*** Input ***
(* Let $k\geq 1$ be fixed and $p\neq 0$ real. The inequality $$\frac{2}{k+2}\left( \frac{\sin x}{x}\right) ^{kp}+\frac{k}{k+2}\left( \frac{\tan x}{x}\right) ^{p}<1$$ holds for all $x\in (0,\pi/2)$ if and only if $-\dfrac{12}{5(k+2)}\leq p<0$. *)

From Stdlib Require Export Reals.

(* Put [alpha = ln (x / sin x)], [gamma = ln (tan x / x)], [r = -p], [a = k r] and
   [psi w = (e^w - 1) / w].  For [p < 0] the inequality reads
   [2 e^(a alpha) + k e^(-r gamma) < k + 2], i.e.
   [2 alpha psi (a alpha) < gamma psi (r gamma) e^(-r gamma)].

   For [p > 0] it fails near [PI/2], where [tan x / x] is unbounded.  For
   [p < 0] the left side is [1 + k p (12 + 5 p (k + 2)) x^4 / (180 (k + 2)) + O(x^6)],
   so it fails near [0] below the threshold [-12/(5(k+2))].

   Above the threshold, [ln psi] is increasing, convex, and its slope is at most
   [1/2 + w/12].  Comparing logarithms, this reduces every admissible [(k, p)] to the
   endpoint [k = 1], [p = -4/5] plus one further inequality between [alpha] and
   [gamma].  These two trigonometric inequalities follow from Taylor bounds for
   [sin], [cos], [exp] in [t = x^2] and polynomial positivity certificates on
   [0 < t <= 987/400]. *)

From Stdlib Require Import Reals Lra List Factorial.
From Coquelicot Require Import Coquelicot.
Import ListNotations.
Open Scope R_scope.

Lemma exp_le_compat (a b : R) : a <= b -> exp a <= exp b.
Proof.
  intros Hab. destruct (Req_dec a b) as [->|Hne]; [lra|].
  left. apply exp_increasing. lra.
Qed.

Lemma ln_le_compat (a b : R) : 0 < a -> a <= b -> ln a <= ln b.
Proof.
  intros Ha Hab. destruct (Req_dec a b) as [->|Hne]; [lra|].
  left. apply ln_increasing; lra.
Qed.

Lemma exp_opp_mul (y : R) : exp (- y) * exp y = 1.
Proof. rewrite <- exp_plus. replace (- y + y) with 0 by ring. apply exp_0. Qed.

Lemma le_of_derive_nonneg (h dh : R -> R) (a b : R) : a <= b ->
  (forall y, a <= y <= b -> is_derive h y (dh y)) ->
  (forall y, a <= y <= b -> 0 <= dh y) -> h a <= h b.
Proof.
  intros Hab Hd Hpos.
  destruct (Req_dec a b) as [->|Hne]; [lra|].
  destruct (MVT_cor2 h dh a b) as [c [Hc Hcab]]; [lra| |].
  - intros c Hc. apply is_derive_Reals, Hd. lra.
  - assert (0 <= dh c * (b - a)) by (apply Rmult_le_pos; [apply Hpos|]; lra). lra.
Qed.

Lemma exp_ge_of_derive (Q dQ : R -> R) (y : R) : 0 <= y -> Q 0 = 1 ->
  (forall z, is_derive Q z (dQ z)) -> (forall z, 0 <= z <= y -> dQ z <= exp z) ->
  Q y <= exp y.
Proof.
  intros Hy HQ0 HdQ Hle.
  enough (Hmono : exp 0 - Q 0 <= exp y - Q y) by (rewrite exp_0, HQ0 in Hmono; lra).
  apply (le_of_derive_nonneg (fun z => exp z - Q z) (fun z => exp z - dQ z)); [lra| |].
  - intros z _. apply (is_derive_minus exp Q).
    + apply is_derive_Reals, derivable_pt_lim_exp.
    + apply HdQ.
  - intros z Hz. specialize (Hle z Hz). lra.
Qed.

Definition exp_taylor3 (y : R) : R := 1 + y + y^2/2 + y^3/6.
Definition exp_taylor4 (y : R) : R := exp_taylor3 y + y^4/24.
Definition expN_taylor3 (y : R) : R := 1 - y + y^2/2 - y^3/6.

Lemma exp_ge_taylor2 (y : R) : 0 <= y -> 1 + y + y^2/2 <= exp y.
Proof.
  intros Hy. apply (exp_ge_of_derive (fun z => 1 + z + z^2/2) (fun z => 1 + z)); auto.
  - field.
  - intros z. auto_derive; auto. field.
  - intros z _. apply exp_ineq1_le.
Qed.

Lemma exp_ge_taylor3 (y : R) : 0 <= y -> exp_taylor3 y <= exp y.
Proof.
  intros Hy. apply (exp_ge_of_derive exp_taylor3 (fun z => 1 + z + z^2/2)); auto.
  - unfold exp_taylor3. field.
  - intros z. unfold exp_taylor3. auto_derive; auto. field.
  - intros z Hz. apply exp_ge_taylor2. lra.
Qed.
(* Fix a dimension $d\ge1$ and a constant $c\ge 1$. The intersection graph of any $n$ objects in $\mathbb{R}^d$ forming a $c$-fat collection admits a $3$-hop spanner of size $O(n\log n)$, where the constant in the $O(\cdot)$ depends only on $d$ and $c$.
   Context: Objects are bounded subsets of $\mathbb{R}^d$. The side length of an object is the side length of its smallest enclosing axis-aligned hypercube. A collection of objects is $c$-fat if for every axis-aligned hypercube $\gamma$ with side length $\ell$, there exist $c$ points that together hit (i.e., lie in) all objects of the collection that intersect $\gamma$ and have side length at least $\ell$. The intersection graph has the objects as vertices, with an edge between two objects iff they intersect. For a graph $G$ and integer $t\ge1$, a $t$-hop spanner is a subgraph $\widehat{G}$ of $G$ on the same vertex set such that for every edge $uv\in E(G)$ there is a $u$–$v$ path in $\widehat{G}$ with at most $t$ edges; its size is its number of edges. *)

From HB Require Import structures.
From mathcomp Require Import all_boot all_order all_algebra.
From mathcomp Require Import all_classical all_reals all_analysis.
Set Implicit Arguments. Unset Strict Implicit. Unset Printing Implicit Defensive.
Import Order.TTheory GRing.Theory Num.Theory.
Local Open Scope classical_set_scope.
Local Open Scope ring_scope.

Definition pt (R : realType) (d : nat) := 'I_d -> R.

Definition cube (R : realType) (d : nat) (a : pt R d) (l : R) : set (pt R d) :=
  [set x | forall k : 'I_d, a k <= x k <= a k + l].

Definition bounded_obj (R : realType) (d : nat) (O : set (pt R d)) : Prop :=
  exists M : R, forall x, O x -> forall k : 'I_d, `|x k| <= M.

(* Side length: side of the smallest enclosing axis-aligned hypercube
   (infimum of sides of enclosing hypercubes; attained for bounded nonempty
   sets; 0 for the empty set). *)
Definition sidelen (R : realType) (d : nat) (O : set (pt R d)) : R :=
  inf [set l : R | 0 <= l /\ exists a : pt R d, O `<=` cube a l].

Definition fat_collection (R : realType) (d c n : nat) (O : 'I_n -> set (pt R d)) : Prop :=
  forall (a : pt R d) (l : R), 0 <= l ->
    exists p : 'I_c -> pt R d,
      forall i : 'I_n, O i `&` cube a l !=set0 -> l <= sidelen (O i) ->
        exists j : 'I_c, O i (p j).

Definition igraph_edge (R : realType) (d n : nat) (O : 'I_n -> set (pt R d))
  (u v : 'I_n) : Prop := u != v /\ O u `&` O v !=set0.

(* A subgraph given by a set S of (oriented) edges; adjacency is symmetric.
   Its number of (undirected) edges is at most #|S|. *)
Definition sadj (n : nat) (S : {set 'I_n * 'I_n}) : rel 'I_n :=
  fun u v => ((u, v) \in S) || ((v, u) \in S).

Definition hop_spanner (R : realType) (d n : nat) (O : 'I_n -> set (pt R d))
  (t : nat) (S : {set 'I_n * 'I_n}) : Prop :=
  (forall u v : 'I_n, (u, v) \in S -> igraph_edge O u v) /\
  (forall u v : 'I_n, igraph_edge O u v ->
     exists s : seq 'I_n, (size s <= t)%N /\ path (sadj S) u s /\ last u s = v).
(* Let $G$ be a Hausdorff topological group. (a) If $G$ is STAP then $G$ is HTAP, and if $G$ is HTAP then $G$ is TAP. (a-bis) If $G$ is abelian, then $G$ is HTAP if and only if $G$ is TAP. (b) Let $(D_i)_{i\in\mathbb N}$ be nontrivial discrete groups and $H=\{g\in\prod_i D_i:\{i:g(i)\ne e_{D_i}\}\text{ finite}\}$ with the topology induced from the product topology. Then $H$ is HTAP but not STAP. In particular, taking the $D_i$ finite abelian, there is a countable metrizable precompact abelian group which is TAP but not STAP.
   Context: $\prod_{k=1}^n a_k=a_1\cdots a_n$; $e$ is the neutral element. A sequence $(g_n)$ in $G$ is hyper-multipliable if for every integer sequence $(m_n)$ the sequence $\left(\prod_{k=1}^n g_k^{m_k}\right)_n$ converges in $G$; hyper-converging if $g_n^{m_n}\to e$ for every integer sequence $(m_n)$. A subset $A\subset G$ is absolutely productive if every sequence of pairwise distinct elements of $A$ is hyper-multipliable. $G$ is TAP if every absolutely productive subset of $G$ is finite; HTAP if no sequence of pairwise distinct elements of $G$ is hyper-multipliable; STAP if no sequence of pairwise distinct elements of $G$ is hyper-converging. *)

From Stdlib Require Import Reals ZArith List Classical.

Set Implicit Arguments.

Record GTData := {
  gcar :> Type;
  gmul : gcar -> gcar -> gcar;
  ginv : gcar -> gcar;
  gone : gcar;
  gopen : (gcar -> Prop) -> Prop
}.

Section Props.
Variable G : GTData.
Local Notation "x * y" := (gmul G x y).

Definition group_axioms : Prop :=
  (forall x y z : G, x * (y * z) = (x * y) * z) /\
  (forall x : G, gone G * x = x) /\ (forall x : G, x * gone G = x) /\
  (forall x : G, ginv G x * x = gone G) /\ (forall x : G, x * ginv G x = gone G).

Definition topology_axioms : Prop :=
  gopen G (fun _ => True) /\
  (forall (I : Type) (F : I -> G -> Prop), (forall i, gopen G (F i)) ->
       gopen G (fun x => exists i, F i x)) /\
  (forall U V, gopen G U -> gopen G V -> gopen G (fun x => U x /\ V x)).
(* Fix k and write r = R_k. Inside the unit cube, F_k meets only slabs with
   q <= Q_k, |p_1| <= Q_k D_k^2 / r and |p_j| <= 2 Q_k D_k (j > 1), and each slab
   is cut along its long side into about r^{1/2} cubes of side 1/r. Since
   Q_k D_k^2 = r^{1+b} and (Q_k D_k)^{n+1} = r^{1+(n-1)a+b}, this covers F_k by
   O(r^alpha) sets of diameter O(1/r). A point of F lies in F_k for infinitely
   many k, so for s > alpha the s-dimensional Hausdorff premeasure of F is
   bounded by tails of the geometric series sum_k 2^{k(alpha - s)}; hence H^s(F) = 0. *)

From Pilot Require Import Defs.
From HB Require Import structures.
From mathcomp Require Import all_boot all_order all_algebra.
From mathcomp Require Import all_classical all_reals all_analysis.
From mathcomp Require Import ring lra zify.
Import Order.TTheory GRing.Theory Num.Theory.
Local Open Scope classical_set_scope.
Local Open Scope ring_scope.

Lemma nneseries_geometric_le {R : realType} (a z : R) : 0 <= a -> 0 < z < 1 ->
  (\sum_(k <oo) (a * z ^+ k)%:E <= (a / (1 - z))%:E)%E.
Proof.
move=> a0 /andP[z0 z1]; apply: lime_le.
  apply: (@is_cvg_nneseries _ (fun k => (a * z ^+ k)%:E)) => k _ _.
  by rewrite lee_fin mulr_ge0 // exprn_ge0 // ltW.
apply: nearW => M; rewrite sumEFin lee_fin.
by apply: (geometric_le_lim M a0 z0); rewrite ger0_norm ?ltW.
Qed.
*** End of Input ***
• [Exercise description] From the entries above, restate word for word the lines from the line containing "- intros z Hz. apply exp_ge_taylor2. lra." to the line containing "(* Fix a dimension", both ends included, and nothing more.

• [Solution to this problem]
  - intros z Hz. apply exp_ge_taylor2. lra.
Qed.
(* Fix a dimension $d\ge1$ and a constant $c\ge 1$. The intersection graph of any $n$ objects in $\mathbb{R}^d$ forming a $c$-fat collection admits a $3$-hop spanner of size $O(n\log n)$, where the constant in the $O(\cdot)$ depends only on $d$ and $c$.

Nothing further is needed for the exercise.